News Archives

[Colloquium] ConceptDoppler: A Weather Tracker for Internet Censorship

September 7, 2007

Watch Colloquium: 


  • Date: Friday, September 7th, 2007 
  • Time: 1 pm — 2:30 pm 
  • Place: ME 218

Jed Crandall 
Department of Computer Science, UNM

Abstract: Imagine you want to remove the history of the Wounded Knee massacre from the Library of Congress, two ways to do this are: 1) remove “Bury my Heart at Wounded Knee” and a few other selected books; or 2) remove every book in the entire library that contains the word “massacre” in its text. If you view the Internet as one large library, Chinese Internet censorship based on keyword filtering is the equivalent of the latter. In this talk I’ll present results from a paper we recently published about China’s keyword-based Internet censorship mechanism.

We present two sets of results: 1) Internet measurements of keyword filtering by the Great “Firewall of China (GFC); and 2) initial results of using latent semantic analysis as an efficient way to reproduce a blacklist of censored words via probing.

Our Internet measurements suggest that the GFC’s keyword filtering is more a panopticon than a firewall, i.e., it need not block every illicit word, but only enough to promote self-censorship. China’s largest ISP, ChinaNET, performed 83.3% of all filtering of our probes, and 99.1% of all filtering that occurred at the first hop past the Chinese border. Filtering occurred beyond the third hop for 11.8% of our probes, and there were sometimes as many as 13 hops past the border to a filtering router. Approximately 28.3% of the Chinese hosts we sent probes to were reachable along paths that were not filtered at all. While more tests are needed to provide a definitive picture of the GFC’s implementation, our results disprove the notion that GFC keyword filtering is a firewall strictly at the border of China’s Internet.

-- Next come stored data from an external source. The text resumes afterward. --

Lemma trnorm_herm_trpos n (H : 'M[C]_n) :
  adjmx H = H -> trnorm H = 2 * trpos H - complex.Re (\tr H).
Proof.
move=> H_herm; rewrite trnorm_herm // mxtrace_herm // /trpos mulr_sumr -sumrB.
by apply: eq_bigr => i _; apply: norm_max0.
Qed.

Lemma trpos_ge0 n (H : 'M[C]_n) : 0 <= trpos H.
Proof. by apply: sumr_ge0 => i _; rewrite le_max lexx orbT. Qed.

Lemma trpos_attained n (H : 'M[C]_n) : adjmx H = H ->
  exists Pi : 'M[C]_n, [/\ psdmx Pi, psdmx (1%:M - Pi) &
                          complex.Re (\tr (Pi *m H)) = trpos H].
Proof.
move=> H_herm; have P_unitary := spectral_unitarymx H.
pose pos i : R := if 0 < reigs H i then 1 else 0.
exists (udiag (spectralmx H) pos); split.
- by apply: udiag_psd => // i; rewrite /pos; case: ifP.
- rewrite -(udiag1 P_unitary) udiagN udiagD //.
  by apply: udiag_psd => // i; rewrite /pos; case: ifP; rewrite ?subrr ?subr0.
- rewrite [X in _ *m X](herm_udiag H_herm) udiagM // mxtrace_udiag //=.
  apply: eq_bigr => i _; rewrite /pos; case: ifP => [pos_i | /negbT].
    by rewrite mul1r max_l // ltW.
  by rewrite mul0r -leNgt => npos_i; rewrite max_r.
Qed.

Lemma trpos_eq0_mxtrace_le0 n (H M : 'M[C]_n) :
  adjmx H = H -> trpos H = 0 -> psdmx M -> complex.Re (\tr (M *m H)) <= 0.
Proof.
move=> H_herm H0 psdM; have P_unitary := spectral_unitarymx H.
have max_ge0 i : 0 <= Num.max (reigs H i) 0 by rewrite le_max lexx orbT.
have eig_le0 i : reigs H i <= 0.
  have /(psumr_eq0P (fun i _ => max_ge0 i))/(_ i isT) := etrans (esym (trposE H)) H0.
  by move=> /= max0; rewrite -max0 le_max lexx.
rewrite (herm_udiag H_herm) mxtrace_mul_udiag // raddf_sum /=.
apply: sumr_le0 => i _; rewrite mulrC Re_realM mulr_le0_ge0 //.
by move: (psdM (row i (spectralmx H))); rewrite lecE => /andP[].
Qed.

While evading a firewall a single time defeats its purpose, it would be necessary to evade a panopticon almost every time. Thus, in lieu of evasion, we propose ConceptDoppler, an architecture for maintaining a censorship “weather report about what keywords are filtered over time. Probing with potentially filtered keywords is arduous due to the GFC’s complexity and can be invasive if not done efficiently. Just as an understanding of the mixing of gases preceded effective weather reporting, understanding of the relationship between keywords and concepts is essential for tracking Internet censorship. We show that LSA can effectively pare down a corpus of text and cluster filtered keywords for efficient probing, present 122 keywords we discovered by probing, and underscore the need for tracking and studying censorship blacklists by discovering some surprising blacklisted keywords such as (in Chinese) conversion rate, Mein Kampf, and International geological scientific federation (Beijing).

(Joint work with Daniel Zinn, Michael Byrd, Earl Barr, UC Davis and Rich East)

Bio: Jed received his Ph.D. from the University of California at Davis and his B.S. from Embry-Riddle Aeronautical University in Prescott, Arizona. He is currenly an Assistant Professor with the Department of Computer Science, Univeristy of New Mexico.

Jed’s research area is computer security and privacy, with a background in computer architecture, ranging from architectural support for systems security to the capturing and analyzing of Internet worms. More recent work includes behavior-based analysis of malicious code, including using a new technique called temporal search to detect timebombs within computer viruses based on their use of hardware timers. He also studies the technical issues of government censorship.